# [WHAT TO WORK ON]
Nothing outside the range below should be printed. Output exactly the lines from the line with "Definition is_lie (V" to the line with "[1 - p_k] factors", both included.

---------- DATA SUPPLIED ----------

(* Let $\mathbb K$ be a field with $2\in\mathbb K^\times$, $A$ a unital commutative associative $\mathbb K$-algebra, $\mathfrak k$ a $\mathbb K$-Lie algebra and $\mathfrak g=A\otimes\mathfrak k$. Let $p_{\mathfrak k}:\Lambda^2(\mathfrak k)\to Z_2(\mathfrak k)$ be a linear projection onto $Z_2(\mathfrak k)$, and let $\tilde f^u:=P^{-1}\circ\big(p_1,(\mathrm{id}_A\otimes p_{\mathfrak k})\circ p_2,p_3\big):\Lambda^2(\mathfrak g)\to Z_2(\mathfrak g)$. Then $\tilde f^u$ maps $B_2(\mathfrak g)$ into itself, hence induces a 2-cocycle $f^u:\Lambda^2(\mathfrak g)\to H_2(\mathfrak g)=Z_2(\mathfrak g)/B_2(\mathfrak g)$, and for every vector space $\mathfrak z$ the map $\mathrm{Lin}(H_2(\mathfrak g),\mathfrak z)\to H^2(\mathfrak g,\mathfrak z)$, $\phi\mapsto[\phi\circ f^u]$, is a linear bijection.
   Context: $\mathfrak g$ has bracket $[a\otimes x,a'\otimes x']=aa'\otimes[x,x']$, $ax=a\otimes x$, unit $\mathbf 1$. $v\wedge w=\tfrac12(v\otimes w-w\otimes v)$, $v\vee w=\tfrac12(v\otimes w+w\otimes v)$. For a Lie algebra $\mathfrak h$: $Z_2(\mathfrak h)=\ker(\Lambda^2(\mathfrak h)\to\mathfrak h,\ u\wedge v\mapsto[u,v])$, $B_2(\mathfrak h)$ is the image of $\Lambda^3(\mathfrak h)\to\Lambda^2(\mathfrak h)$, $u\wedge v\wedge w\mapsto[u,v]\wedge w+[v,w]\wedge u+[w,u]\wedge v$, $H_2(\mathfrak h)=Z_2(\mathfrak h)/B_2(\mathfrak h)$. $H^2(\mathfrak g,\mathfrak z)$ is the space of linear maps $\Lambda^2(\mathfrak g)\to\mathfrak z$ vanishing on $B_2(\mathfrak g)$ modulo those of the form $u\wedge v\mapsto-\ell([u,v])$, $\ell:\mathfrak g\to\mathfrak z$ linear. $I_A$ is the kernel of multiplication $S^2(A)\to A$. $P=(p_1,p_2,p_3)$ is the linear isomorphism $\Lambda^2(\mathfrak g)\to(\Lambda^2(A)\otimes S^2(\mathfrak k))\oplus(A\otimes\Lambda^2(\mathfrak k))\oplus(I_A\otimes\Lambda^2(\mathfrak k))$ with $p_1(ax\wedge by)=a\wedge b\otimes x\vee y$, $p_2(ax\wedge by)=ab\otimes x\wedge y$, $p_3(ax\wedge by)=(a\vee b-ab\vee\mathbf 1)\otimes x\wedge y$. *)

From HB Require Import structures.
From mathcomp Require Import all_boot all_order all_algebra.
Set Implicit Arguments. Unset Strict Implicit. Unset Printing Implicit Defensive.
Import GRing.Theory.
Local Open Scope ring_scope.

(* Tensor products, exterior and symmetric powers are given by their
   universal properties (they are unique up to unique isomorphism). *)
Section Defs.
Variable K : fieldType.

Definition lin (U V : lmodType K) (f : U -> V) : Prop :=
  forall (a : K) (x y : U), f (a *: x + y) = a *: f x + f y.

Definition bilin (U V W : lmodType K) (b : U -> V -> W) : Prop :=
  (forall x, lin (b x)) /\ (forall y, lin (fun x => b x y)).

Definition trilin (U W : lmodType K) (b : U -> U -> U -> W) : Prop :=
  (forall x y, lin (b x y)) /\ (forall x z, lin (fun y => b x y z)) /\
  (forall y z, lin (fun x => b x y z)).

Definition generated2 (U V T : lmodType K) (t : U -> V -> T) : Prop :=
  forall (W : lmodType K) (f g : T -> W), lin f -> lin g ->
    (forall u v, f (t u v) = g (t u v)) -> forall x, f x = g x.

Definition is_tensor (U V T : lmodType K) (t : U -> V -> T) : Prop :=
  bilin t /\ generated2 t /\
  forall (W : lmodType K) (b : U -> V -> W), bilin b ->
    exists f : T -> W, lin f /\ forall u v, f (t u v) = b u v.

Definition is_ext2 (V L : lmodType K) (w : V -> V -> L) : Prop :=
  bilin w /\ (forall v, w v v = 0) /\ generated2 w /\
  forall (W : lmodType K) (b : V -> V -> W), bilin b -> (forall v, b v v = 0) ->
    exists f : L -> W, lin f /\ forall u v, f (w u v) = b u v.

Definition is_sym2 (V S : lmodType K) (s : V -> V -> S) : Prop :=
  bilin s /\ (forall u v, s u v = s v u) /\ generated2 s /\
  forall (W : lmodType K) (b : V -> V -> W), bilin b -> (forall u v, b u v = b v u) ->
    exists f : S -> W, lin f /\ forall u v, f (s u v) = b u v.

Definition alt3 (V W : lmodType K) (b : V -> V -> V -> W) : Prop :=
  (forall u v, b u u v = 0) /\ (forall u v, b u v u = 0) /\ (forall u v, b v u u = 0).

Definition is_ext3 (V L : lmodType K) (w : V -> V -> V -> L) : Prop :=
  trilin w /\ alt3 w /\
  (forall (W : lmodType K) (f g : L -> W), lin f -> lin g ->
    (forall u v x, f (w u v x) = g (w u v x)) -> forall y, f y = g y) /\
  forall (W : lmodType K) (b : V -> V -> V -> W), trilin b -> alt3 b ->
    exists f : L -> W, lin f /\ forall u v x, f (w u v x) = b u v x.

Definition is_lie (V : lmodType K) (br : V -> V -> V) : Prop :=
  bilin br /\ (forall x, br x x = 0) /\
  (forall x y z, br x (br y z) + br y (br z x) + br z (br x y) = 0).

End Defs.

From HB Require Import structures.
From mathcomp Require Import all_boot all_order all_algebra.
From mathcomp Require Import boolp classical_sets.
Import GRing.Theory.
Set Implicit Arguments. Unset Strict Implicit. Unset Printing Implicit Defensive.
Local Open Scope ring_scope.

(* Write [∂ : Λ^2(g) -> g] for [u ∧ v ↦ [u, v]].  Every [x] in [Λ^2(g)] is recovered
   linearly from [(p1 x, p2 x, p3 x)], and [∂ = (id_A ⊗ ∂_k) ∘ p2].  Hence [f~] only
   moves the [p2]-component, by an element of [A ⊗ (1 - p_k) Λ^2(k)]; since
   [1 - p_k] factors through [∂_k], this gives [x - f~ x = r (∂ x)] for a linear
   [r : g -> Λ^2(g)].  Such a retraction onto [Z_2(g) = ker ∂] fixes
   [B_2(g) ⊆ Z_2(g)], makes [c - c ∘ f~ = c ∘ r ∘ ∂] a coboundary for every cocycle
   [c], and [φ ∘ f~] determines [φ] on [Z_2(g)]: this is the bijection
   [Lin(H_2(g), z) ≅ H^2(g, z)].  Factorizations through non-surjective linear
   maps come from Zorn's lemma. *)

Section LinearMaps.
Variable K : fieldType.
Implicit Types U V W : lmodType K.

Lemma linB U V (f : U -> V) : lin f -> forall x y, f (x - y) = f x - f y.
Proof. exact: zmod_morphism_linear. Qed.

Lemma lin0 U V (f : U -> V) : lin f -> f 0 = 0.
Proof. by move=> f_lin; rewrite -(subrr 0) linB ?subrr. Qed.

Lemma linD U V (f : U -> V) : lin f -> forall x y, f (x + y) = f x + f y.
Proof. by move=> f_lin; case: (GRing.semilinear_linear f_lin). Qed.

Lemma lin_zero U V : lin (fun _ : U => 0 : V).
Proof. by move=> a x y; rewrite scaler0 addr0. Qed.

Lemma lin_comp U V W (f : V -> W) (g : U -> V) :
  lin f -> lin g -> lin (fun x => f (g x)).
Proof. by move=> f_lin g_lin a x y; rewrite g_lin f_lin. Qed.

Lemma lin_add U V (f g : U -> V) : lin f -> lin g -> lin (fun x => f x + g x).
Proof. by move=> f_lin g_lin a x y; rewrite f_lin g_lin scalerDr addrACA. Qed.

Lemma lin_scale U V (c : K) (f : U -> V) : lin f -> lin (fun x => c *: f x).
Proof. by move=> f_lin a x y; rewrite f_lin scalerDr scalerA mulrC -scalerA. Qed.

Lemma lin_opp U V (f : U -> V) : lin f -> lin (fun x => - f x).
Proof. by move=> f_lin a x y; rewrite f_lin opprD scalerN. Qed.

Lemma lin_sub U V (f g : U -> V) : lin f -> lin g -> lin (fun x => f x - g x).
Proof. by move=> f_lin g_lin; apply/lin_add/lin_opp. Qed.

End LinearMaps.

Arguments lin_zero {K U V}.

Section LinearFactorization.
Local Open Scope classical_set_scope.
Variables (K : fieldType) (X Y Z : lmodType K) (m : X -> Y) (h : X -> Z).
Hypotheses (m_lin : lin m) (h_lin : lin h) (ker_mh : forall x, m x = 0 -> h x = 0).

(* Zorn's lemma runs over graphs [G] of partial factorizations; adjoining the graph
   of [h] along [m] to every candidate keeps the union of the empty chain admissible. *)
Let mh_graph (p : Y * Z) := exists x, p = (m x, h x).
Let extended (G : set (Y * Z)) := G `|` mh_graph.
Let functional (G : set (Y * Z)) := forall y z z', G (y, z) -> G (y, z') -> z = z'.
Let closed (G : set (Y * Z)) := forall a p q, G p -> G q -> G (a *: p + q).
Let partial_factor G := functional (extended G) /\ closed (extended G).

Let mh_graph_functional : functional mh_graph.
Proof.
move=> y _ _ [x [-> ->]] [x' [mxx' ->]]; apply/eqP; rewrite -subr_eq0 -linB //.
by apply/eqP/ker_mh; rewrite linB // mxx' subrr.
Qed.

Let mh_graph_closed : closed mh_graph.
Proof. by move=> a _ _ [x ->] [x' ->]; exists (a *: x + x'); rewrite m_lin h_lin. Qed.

----------

# [EXPECTED OUTPUT]
Definition is_lie (V : lmodType K) (br : V -> V -> V) : Prop :=
  bilin br /\ (forall x, br x x = 0) /\
  (forall x y z, br x (br y z) + br y (br z x) + br z (br x y) = 0).

End Defs.

From HB Require Import structures.
From mathcomp Require Import all_boot all_order all_algebra.
From mathcomp Require Import boolp classical_sets.
Import GRing.Theory.
Set Implicit Arguments. Unset Strict Implicit. Unset Printing Implicit Defensive.
Local Open Scope ring_scope.

(* Write [∂ : Λ^2(g) -> g] for [u ∧ v ↦ [u, v]].  Every [x] in [Λ^2(g)] is recovered
   linearly from [(p1 x, p2 x, p3 x)], and [∂ = (id_A ⊗ ∂_k) ∘ p2].  Hence [f~] only
   moves the [p2]-component, by an element of [A ⊗ (1 - p_k) Λ^2(k)]; since
   [1 - p_k] factors through [∂_k], this gives [x - f~ x = r (∂ x)] for a linear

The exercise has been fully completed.